• ASSIGNED TASK
Take the lines below between the one holding "by rewrite addr_ge0." and the one holding "rewrite normrM mulrC ler_wpM2r //.", inclusive, and copy them exactly. Add nothing.

[[ DATA TO EXAMINE open ]]

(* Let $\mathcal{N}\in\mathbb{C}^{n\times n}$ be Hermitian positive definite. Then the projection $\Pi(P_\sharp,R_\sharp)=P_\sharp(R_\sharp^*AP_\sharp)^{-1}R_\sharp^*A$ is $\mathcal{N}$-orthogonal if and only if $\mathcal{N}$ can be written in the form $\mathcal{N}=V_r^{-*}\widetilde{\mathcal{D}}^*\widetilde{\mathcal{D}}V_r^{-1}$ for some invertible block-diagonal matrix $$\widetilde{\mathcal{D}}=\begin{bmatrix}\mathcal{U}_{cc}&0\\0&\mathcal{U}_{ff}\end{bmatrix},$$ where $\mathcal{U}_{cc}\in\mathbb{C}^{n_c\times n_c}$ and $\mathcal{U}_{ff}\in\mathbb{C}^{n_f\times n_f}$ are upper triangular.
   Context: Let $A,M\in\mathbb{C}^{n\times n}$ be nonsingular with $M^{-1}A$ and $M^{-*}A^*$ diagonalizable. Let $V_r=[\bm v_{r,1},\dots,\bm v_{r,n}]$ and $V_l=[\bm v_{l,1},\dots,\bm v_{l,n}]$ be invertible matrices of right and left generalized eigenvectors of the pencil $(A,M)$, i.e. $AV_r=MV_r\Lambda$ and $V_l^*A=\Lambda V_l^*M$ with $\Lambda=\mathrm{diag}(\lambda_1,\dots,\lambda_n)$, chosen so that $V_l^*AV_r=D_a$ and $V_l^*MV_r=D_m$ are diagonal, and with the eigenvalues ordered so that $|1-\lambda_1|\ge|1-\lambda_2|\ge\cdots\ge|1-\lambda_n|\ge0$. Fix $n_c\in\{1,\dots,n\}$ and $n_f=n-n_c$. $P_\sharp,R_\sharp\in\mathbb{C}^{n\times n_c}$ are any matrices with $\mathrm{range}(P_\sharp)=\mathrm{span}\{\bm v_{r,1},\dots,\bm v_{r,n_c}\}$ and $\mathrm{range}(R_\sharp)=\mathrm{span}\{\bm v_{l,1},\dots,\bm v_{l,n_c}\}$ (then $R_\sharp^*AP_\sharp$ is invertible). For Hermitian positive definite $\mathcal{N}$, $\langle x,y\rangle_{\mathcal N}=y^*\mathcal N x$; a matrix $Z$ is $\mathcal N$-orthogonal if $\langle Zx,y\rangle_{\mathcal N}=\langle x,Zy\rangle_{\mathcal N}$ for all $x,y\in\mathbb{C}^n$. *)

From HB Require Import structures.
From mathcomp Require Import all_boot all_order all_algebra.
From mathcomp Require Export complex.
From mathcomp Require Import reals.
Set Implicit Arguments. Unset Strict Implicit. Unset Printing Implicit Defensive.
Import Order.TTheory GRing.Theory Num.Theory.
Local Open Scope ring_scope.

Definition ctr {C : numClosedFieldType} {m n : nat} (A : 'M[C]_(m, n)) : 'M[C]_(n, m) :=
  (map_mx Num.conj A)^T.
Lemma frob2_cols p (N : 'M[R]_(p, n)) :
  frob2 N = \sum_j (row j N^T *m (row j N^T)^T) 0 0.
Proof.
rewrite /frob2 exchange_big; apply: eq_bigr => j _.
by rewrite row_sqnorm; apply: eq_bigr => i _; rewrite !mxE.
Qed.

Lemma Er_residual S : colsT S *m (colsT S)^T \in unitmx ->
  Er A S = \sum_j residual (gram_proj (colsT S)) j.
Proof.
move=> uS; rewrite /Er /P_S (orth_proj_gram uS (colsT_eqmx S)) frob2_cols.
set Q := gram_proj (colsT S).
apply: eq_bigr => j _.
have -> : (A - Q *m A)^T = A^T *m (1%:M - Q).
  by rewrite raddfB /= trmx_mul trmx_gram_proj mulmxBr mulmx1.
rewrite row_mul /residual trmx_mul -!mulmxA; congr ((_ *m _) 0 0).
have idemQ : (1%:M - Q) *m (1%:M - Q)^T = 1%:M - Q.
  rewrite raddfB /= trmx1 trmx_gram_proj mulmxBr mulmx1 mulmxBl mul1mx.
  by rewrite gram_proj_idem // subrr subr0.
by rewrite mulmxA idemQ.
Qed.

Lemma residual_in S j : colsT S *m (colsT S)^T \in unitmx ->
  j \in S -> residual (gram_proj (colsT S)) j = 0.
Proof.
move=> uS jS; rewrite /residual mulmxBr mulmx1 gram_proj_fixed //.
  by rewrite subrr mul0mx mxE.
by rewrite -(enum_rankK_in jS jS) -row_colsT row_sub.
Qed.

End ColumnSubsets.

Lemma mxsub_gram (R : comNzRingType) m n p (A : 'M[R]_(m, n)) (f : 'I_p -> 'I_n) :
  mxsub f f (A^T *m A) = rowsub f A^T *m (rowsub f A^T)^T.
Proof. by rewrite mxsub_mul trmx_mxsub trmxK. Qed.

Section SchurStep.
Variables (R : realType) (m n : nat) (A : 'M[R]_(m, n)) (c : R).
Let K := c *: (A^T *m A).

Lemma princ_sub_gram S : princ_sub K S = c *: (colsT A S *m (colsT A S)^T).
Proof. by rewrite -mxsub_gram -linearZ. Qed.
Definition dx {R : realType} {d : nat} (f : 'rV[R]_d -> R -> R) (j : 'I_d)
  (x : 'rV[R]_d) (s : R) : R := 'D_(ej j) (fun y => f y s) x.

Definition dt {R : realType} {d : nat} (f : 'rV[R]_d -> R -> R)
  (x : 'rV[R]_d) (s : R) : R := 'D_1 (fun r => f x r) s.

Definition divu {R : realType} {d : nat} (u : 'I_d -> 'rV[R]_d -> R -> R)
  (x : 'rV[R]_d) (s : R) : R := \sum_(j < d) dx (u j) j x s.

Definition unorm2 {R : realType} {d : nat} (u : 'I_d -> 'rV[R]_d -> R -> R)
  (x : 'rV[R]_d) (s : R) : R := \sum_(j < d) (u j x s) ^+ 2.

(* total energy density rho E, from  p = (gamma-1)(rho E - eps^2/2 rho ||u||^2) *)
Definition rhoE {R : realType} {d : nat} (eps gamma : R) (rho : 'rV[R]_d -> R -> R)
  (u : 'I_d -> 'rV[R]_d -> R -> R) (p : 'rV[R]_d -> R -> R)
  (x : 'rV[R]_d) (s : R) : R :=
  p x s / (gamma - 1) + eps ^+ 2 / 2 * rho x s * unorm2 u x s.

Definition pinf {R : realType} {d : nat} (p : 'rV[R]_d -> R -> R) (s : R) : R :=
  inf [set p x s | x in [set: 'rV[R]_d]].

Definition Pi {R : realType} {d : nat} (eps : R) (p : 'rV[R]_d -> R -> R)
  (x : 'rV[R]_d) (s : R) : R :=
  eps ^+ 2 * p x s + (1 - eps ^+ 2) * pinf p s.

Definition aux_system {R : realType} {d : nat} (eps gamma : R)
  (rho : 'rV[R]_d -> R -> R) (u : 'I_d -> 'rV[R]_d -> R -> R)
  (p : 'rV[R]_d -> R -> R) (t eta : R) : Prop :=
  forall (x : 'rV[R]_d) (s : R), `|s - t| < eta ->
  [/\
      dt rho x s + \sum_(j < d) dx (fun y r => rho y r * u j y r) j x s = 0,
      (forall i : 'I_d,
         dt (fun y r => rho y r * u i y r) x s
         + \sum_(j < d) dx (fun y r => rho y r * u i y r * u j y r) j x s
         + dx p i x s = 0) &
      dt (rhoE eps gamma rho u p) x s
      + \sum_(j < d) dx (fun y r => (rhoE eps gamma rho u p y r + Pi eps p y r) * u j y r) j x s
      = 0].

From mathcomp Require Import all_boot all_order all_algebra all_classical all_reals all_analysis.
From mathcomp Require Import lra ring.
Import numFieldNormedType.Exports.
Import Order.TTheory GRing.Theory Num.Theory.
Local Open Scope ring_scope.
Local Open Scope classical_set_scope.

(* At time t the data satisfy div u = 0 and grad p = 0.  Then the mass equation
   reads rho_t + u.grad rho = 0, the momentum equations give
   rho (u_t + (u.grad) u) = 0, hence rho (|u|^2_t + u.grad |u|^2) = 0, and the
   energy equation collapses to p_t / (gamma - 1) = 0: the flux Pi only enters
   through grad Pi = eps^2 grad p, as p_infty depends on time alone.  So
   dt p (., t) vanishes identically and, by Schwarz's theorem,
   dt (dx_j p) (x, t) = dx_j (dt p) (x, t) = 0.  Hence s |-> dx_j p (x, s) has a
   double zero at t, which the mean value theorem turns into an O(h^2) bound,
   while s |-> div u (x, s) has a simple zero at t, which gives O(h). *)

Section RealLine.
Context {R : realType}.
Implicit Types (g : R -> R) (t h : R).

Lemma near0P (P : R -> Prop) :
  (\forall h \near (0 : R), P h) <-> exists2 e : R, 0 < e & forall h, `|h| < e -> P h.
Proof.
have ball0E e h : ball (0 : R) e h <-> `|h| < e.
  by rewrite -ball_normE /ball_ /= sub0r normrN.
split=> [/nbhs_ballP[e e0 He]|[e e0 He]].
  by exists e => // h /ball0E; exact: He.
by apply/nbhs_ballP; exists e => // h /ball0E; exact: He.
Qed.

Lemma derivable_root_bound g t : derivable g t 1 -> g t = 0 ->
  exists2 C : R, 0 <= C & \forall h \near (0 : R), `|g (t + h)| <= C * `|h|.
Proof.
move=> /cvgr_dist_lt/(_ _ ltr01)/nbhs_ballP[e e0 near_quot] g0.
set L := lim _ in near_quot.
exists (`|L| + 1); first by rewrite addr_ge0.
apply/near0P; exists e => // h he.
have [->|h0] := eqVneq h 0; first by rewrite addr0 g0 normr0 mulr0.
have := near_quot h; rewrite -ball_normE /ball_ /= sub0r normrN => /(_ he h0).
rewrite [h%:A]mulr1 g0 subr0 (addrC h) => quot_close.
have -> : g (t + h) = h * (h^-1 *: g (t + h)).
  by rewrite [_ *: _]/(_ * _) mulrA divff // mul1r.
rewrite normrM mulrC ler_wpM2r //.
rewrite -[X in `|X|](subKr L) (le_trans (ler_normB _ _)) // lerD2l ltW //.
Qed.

[[ DATA TO EXAMINE closed ]]

• ANSWER BOX
exists (`|L| + 1); first by rewrite addr_ge0.
apply/near0P; exists e => // h he.
have [->|h0] := eqVneq h 0; first by rewrite addr0 g0 normr0 mulr0.
have := near_quot h; rewrite -ball_normE /ball_ /= sub0r normrN => /(_ he h0).
rewrite [h%:A]mulr1 g0 subr0 (addrC h) => quot_close.
have -> : g (t + h) = h * (h^-1 *: g (t + h)).
  by rewrite [_ *: _]/(_ * _) mulrA divff // mul1r.
rewrite normrM mulrC ler_wpM2r //.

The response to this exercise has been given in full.